ダンジョンを軽トラで走りまわったお嬢さま、伝説になる

藤原くう

第1話 そうして伝説となった、ですわ…

 はじまりは、ショート動画だった。


 撮影者はダンジョンシーカー。ダンジョンを探索する者といえば聞こえはいいが、無茶なことをすることが売りの実況者である。


 男は、自撮り棒片手に、ダンジョンへ。カメラはすでに回っている。もう片方の手には、棍棒みたいなライト。日本なら軽犯罪法に引っかかりそうなそいつで、壁をコンコン叩きながら歩いていた。


「ダンジョンっても、大したことねえなあ」


 早口の英語は、暗闇の中へと吸いこまれていく。男はNY生まれNY育ち、怖いことには多少なりとも慣れていた。ケンカだって得意だし、拳銃くらいなら見慣れたものだ。


 ――怖いものなんかねえ。


 少なくとも、そのつもりだった。


 数分後、男はダンジョンに入ったことを後悔していた。


「な、なんなんだ、あのモンスター!?」


 画角なんて気にする余裕はなかったし、動画を撮っていることなんて忘れ、ただ、男は逃げていた。

 

 その背後から、モンスターが追いかけてきていた。

 それは、ヒト型をしたなにかであった。ドロドロとしたものを垂れ流しながらせまってくる姿は、ゾンビのよう。しかも数が多い。


 男は、ただひたすらに逃げつづけていた。ライトでぶん殴っても効果があるように見えなかったのだ。


 しかし、しつこい。男が疲れるのを待っているかのように、そのモンスターはどこまでも追いかけてくる。


 と、男は石ころに躓いて倒れてしまった。毒づき、からだを起こそうとして、モンスターが足元に立っていることに気がついた。


 見下ろしてくる空虚な瞳に、男の股間がじわっと濡れて――。


 突然現れた軽トラが、モンスターらをひいていった。


「ファッ――」


 汚い言葉をかき消すように、ボウリングのピンのように飛んだモンスターが壁に激突し、べしゃりと液体をまき散らす。


 キキィーっと、黒板をひっかいたような音が鳴る。灰色の煙がもくもくと上がり、タイヤの焦げる、イヤなにおいが漂った。


「な、なにが……」


 男は、おそるおそる音がした方を見る。


 そこには白い車があった。男が一度もNYでもLAでも目にしたことがないコンパクトな車。ピックアップトラックに似ていたが、それにしては小さいし、クールじゃない。


 だが、なによりも。


「あーもう! わたくしの邪魔しないでくれます!?」


 聞こえてきたのは意外な言葉だ。早口だったから男には何を言っているのかわからなかったが、少女の声、しかも英語ではない。


 同時に車がギュルギュル動く。モンスターを乗り越えるたび、ぐちゃぐちゃという水音がした。


 男は、白い車の右側に、誰かが乗っているのに気がついた。チラリと見えたロングの髪、若い女だろうか。

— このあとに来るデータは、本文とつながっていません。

Lemma coherent_iia_anonymous (Q R : profile VT XT) x y :
  wf_profile Q -> wf_profile R -> voters R = voters Q -> cands R `<=` cands Q ->
  x \in cands R -> y \in cands R ->
  support R x y = support Q x y -> support R y x = support Q y x ->
  (forall a b, a \in cands R -> b \in cands R -> (0 < margin R a b)%R ->
     (margin R a b <= margin Q a b)%R) ->
  f Q x y -> f R x y.
Proof.
move=> wfQ wfR eRQ sRQ xR yR sxy syx reduce fQ.
have [sigma [sigmaV sigma_inj sigma_xy]] := match_voters wfQ wfR eRQ sxy syx.
set Q' := permute_voters Q sigma.
have wfQ' : wf_profile Q' by apply: wf_permute_voters.
have mQ' a b : margin Q' a b = margin Q a b.
  by rewrite !marginE !support_permute_voters.
have fQ' : f Q' x y.
  by apply/(f_anon wfQ wfQ' _ _ sigmaV sigma_inj) => // v vV a b; rewrite /= vV.
have xQ : x \in cands Q by apply: (fsubsetP sRQ).
have yQ : y \in cands Q by apply: (fsubsetP sRQ).
apply: (f_ciia wfQ' wfR fQ'); split=> //.
- apply/fsetP=> a; rewrite !inE.
  by case: (boolP ((a == x) || (a == y))) => [/orP[]/eqP->|]; rewrite ?andbF ?andbT /= ?xR ?yR.
- have in_xy a : a \in [fset x; y] -> a = x \/ a = y by rewrite !inE => /orP[]/eqP; tauto.
  move=> v a b vV /fsetIP[_ /in_xy[]->] /fsetIP[_ /in_xy[]->]; rewrite /= vV ?ballot_irr //;
    by have [e1 e2] := sigma_xy v vV; rewrite ?e1 ?e2.
- by rewrite mQ' !marginE sxy syx.
- by move=> a b aR bR pos; rewrite mQ'; apply: reduce.
Qed.

End CoherenceUpToAnonymity.

(** * Defeats have positive margins *)

Section Swap.
Variables (XT : eqType) (x y : XT).

Definition swap a := if a == x then y else if a == y then x else a.

Lemma swap_l : swap x = y.
Proof. by rewrite /swap eqxx. Qed.

Lemma swap_r : swap y = x.
Proof. by rewrite /swap eqxx; case: eqP. Qed.

Lemma swapK : involutive swap.
Proof.
move=> a; rewrite /swap; case: (eqVneq a x) => [->|ax]; first by rewrite eqxx; case: eqP.
by case: (eqVneq a y) => [->|ay]; rewrite ?eqxx // (negbTE ax) (negbTE ay).
Qed.

Lemma mem_swap (C : pred XT) a : x \in C -> y \in C -> (swap a \in C) = (a \in C).
Proof.
move=> xC yC; rewrite /swap.
by case: (eqVneq a x) => [->|_]; [|case: (eqVneq a y) => [->|_]]; rewrite ?xC ?yC.
Qed.

End Swap.

Section MajorityDefeat.
Variables (VT XT : choiceType) (f : vccr VT XT).
Hypotheses (f_vccr : is_vccr f) (f_anon : anonymity f) (f_neutral : neutrality f)
  (f_mono : monotonicity_two f) (f_ciia : coherent_iia f).
Implicit Types (P R : profile VT XT).

Lemma tie_no_defeat R x y : wf_profile R -> cands R = [fset x; y] ->
  margin R x y = 0%R -> ~ f R x y.
Proof.
move=> wfR candsR m0 fR; have [xR yR nfyx] := f_vccr wfR fR; apply: nfyx.
pose Rs := relabel R (swap x y).
have swapC a : (swap x y a \in cands R) = (a \in cands R) by apply: mem_swap.
have wfRs : wf_profile Rs by apply: wf_relabel.
have fRs : f Rs y x.
  rewrite -[y in f _ y](swap_l x y) -[x in f _ _ x](swap_r x y).
  apply/(f_neutral wfR wfRs) => //.
  - by move=> a; rewrite swapC.
  - by move=> a b _ _; apply: (can_inj (swapK x y)).
  - by move=> v a b _ _ _; rewrite /= !swapK.
have s0 : support R y x = support R x y by move: m0; rewrite marginE; lia.
apply: (coherent_iia_anonymous f_anon f_ciia wfRs wfR) fRs;
  rewrite ?support_relabel ?swap_l ?swap_r //.
move=> a b; rewrite candsR !inE => /orP[]/eqP-> /orP[]/eqP->;
  by rewrite ?margin_id ?m0 ?ltxx // marginN m0 oppr0 ltxx.
Qed.

Lemma neg_margin_no_defeat R x y n : wf_profile R -> cands R = [fset x; y] -> x != y ->
  margin R x y = (- n%:Z)%R -> ~ f R x y.
Proof.
elim: n R => [|n IH] R wfR candsR xy mR fR; first by apply: (tie_no_defeat wfR candsR).
have /hasP[v vV vyx] : has (fun v => ballot R v y x) (voters R).
  by rewrite has_count; move: mR; rewrite marginE /support; lia.
have xR : x \in cands R by rewrite candsR !inE eqxx.
have yR : y \in cands R by rewrite candsR !inE eqxx orbT.
have vxy : ballot R v x y = false.
  by apply/negbTE; move: (is_ballot_asym x y (wf_ballot wfR vV)); rewrite vyx andbT.
(* Blanking v's ballot raises x one place in it and the margin of x over y by one. *)
pose R' := set_ballot R v (@tied_ballot XT).
have wfR' : wf_profile R' by apply: wf_set_ballot.
have VR' : voters R' = voters R by apply/fsetUidPr; rewrite fsub1set.
apply: (IH R' wfR') => //.
  have := support_set_ballot v (@tied_ballot XT) x y wfR.
  have := support_set_ballot v (@tied_ballot XT) y x wfR.
  by move: mR; rewrite /R' !marginE vxy vyx /tied_ballot addn0 addn1 => mR sy sx; lia.
have other a : a \in cands R -> a != x -> a = y.
  by rewrite candsR !inE => /orP[]/eqP-> //; rewrite eqxx.
apply: (f_mono wfR wfR' _ VR' _ vV) fR.
- by rewrite candsR cardfs2 xy.
- by [].
- by move=> u _ /negbTE; rewrite /= => ->.
rewrite /R' /= eqxx; split=> //; first by exists y.
  by move=> a b aR bR ax bx; rewrite (other a aR ax) (other b bR bx) ballot_irr.
exists y; split=> //; first by rewrite yR eq_sym xy vxy.
- by move=> z zR zx; rewrite (other z zR zx) ballot_irr.
- by rewrite /tied vyx andbF.
Qed.

Lemma defeat_margin_gt0 P x y : wf_profile P -> f P x y -> (0 < margin P x y)%R.
Proof.
move=> wfP fP; have [xP yP nfyx] := f_vccr wfP fP.
have xy : x != y by apply/eqP=> exy; rewrite exy in fP nfyx; exact: nfyx fP.
set D := [fset x; y].
have xD : x \in D by rewrite !inE eqxx.
have yD : y \in D by rewrite !inE eqxx orbT.
have sDP : D `<=` cands P by apply/fsubsetP=> a; rewrite !inE => /orP[]/eqP->.
have wfR : wf_profile (restrict P D).
  by apply: wf_restrict => //; apply/eqP=> /fsetP/(_ x); rewrite xD inE.
have mR a b : a \in D -> b \in D -> margin (restrict P D) a b = margin P a b.
  by move=> aD bD; rewrite !marginE !support_restrict.
have fR : f (restrict P D) x y.
  apply: (f_ciia wfP wfR fP); split=> //=.
  - apply/fsetP=> a; rewrite !in_fsetI andbb.
    by case: (boolP (a \in D)) => aD; rewrite ?andbF ?andbT // (fsubsetP sDP).
  - by move=> v a b _ /fsetIP[_ ->] /fsetIP[_ ->]; rewrite !andbT.
  - exact: mR.
  - by move=> a b aD bD _; rewrite mR.
rewrite -mR // ltNge; apply/negP=> le0.
apply: (neg_margin_no_defeat (n := `|margin (restrict P D) x y|%N) wfR) fR => //.
lia.
Qed.

End MajorityDefeat.

(** * Padding a profile *)

Section Padding.
Variables (VT XT : choiceType) (f : vccr VT XT) (x y : XT).
Hypotheses (VT_infinite : forall s : {fset VT}, exists v, v \notin s)
  (f_indiff : neutral_indifference f) (f_rev : neutral_reversal f).
Implicit Types (P Q R : profile VT XT).

Definition padding P Q d : Prop :=
  [/\ wf_profile Q, cands Q = cands P, margin Q =2 margin P,
      support Q x y = support P x y + d /\ support Q y x = support P y x + d
    & (f P x y -> f Q x y)].

Lemma padding_refl P : wf_profile P -> padding P P 0.
Proof. by move=> wfP; split; rewrite ?addn0. Qed.

Lemma padding_trans P Q R d e : padding P Q d -> padding Q R e -> padding P R (d + e).
Proof.
move=> [_ cQ mQ [xyQ yxQ] fQ] [wfR cR mR [xyR yxR] fR]; split=> //.
- by rewrite cR.
- by move=> a b; rewrite mR.
- by rewrite xyR xyQ yxR yxQ !addnA.
- by move=> /fQ /fR.
Qed.

Lemma pad_blanks P n : wf_profile P ->
  exists2 Q, padding P Q 0 & #|` voters P| + n <= #|` voters Q|.
Proof.
elim: n P => [|n IH] P wfP; first by exists P; [apply: padding_refl | rewrite addn0].
have [v vV] := VT_infinite (voters P).
set P1 := set_ballot P v (@tied_ballot XT).
have wfP1 : wf_profile P1 by apply: wf_set_ballot.
have sP1 a b : support P1 a b = support P a b.
  by rewrite support_set_ballot_fresh // addn0.
have padP1 : padding P P1 0.
  split=> //; rewrite ?sP1 ?addn0 //; first by move=> a b; rewrite !marginE !sP1.
  apply: (f_indiff wfP wfP1 vV erefl erefl _ _ x y).2 => [u uV a b|a b]; rewrite /= ?eqxx //.
  by case: eqP => // euv; rewrite -euv uV in vV.
have [Q padQ sizeQ] := IH P1 wfP1.
exists Q; first exact: padding_trans padP1 padQ.
by move: sizeQ; rewrite /= cardfsU1 vV; lia.
Qed.

Lemma pad_reversals P n : wf_profile P -> x \in cands P -> y \in cands P -> x != y ->
  exists Q, padding P Q n.
Proof.
elim: n P => [|n IH] P wfP xP yP xy; first by exists P; apply: padding_refl.
have [v2 v2V] := VT_infinite (voters P).
have [v1 v1V] := VT_infinite (v2 |` voters P).
have v12 : v1 != v2 by apply: contraNneq v1V => ->; rewrite fset1U1.
have v1V' : v1 \notin voters P by apply: contra v1V; apply: fset1Ur.
set B := rank_by (cands P) (fun u => u == x).
have isB : is_ballot (cands P) B by apply: is_ballot_rank_by.
set P2 := set_ballot P v2 (converse B).
have wfP2 : wf_profile P2 by apply/wf_set_ballot/is_ballot_converse.
set P1 := set_ballot P2 v1 B.
have wfP1 : wf_profile P1 by apply: wf_set_ballot.
have sP1 a b : support P1 a b = support P a b + (B a b + B b a).
  by rewrite !support_set_ballot_fresh // addnAC addnA.
have Bxy : B x y by rewrite /B /rank_by xP yP eqxx eq_sym (negbTE xy).
have Byx : B y x = false by rewrite /B /rank_by eqxx ltnNge leq_b1 !andbF.
have padP1 : padding P P1 1.
  split=> //.
  - by move=> a b; rewrite !marginE !sP1; lia.
  - by rewrite !sP1 Bxy Byx.
  apply: (f_rev wfP wfP1 v12 v1V' v2V erefl erefl _ _ x y).2 => [u uV a b|a b]; rewrite /= ?eqxx.
    case: eqP => [euv|_]; first by rewrite -euv uV in v1V'.
    by case: eqP => // euv; rewrite -euv uV in v2V.
  by rewrite eq_sym (negbTE v12).
have [Q padQ] := IH P1 wfP1 xP yP xy.
by exists Q; apply: padding_trans padP1 padQ.
Qed.

End Padding.

(** * The cycle profile *)

Section NextOnCycle.
Variables (T : eqType) (cs : seq T).
Hypothesis cs_uniq : uniq cs.

Lemma next_inj : injective (next cs).
Proof. exact: can_inj (prev_next cs_uniq). Qed.

Lemma next_neq a : 2 < size cs -> a \in cs ->
  next cs a != a /\ next cs (next cs a) != a.
Proof.
move=> cs_size /rot_to[i s rot_cs].
have : uniq (a :: s) by rewrite -rot_cs rot_uniq.
move: cs_size; rewrite -(size_rot i) -!(next_rot i cs_uniq) {}rot_cs.
case: s => [|b [|c s]] // _; rewrite /= !inE !negb_or eqxx.
move=> /and4P[/and3P[ab ac _] _ _ _].
by rewrite eq_sym in ab; rewrite (negbTE ab) eqxx eq_sym.
Qed.

Lemma iter_next_mem i a : (iter i (next cs) a \in cs) = (a \in cs).
Proof. by elim: i => //= i <-; rewrite mem_next. Qed.

Lemma iter_next_inj i : injective (iter i (next cs)).
Proof. by elim: i => // i IH a b /= /next_inj /IH. Qed.

Lemma iter_nextC i a : iter i (next cs) (next cs a) = next cs (iter i (next cs) a).
Proof. by rewrite -iterSr. Qed.

End NextOnCycle.

Lemma next_last (T : eqType) (y : T) (s : seq T) : uniq (y :: s) -> next (y :: s) (last y s) = y.
Proof.
by move=> cs_uniq; rewrite next_nth mem_last index_last // nth_default.
Qed.

Lemma mem_iter_next (T : eqType) (y : T) (s : seq T) a : uniq (y :: s) -> a \in y :: s ->
  exists i, a = iter i (next (y :: s)) y.
Proof.
move=> cs_uniq; rewrite -mem_rcons.
have /fpathE -> : fpath (next (y :: s)) y (rcons s y) by apply: (cycle_next cs_uniq).
by move=> /trajectP[i _ ->]; exists i.+1; rewrite iterSr.
Qed.

Lemma count_nth_index (T : eqType) (U : Type) (W : seq T) (ks : seq U) k0 (F : pred U) :
  uniq W -> size ks = size W -> count (fun v => F (nth k0 ks (index v W))) W = count F ks.
Proof.
elim: W ks => [|w W IH] [|k ks] //= /andP[wW uW] [eq_size].
rewrite eqxx -(IH ks) //; congr (_ + _); apply: eq_in_count => v vW /=.
by case: eqP => // ewv; rewrite ewv vW in wW.
Qed.

Lemma sum_bool_count (T : Type) (s : seq T) (P : pred T) : \sum_(c <- s) (P c : nat) = count P s.
Proof. by rewrite -sumn_count sumnE big_map. Qed.

Section CycleBallots.
Variables (XT : choiceType) (cs : seq XT).
Local Notation nx := (next cs).
Local Notation C := [fset a in cs].

Lemma in_cycle a : (a \in C) = (a \in cs).
Proof. by rewrite inE. Qed.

 彼女は、男に気がつくと、慌てたようにハンドルを握りしめ。


「やっば、人がいるじゃない……! 逃げるのですわ!」


 言うなり、タイヤをスピンさせ、車をバック。きれいなターンをして、去っていった。




 『アメイジング・ミニ・トラック』

 そんな名前とともに、動画配信サイトに投稿されたこの動画は、全世界で1000万回再生されることとなった。




 さてここに、一人の少女がいる。


 名は甘露寺スミレ。甘露寺家の子女として、蝶よ花よと育てられた彼女は、今どきの子らしく、スマホ片手に動画を見ていた。


 いつもなら、くだらない動画を見て笑っている顔も、今夜ばかりは、ひどく青ざめていた。


「ヤッベぇですわ」


 リンゴ印のスマホでは、くりかえしくりかえし、同じ動画が再生されている。


 純白の軽トラがやってきては、ヒト型のモンスターをひき殺されていく動画。勢いがあるので、顔は見えなかったが、軽トラであることと、ドライバーが日本語を発していることは、日本人なら誰でもわかる。


「絶対、ヤバい……!」


 コメント欄では、ドライバーについて、大論争が繰りひろげられている。ムキムキマッチョのお姉さん、あるいは農家のおばあちゃんで、声はお孫さんが発した……などなど。


 だが、実際はどれでもない。


「じいやにバレましたら、免許が取れなくなっちゃいますの!?」


 現在、高校三年生。進路よりも、運転免許証にあこがれているスミレこそ、あの軽トラのドライバーなのだった。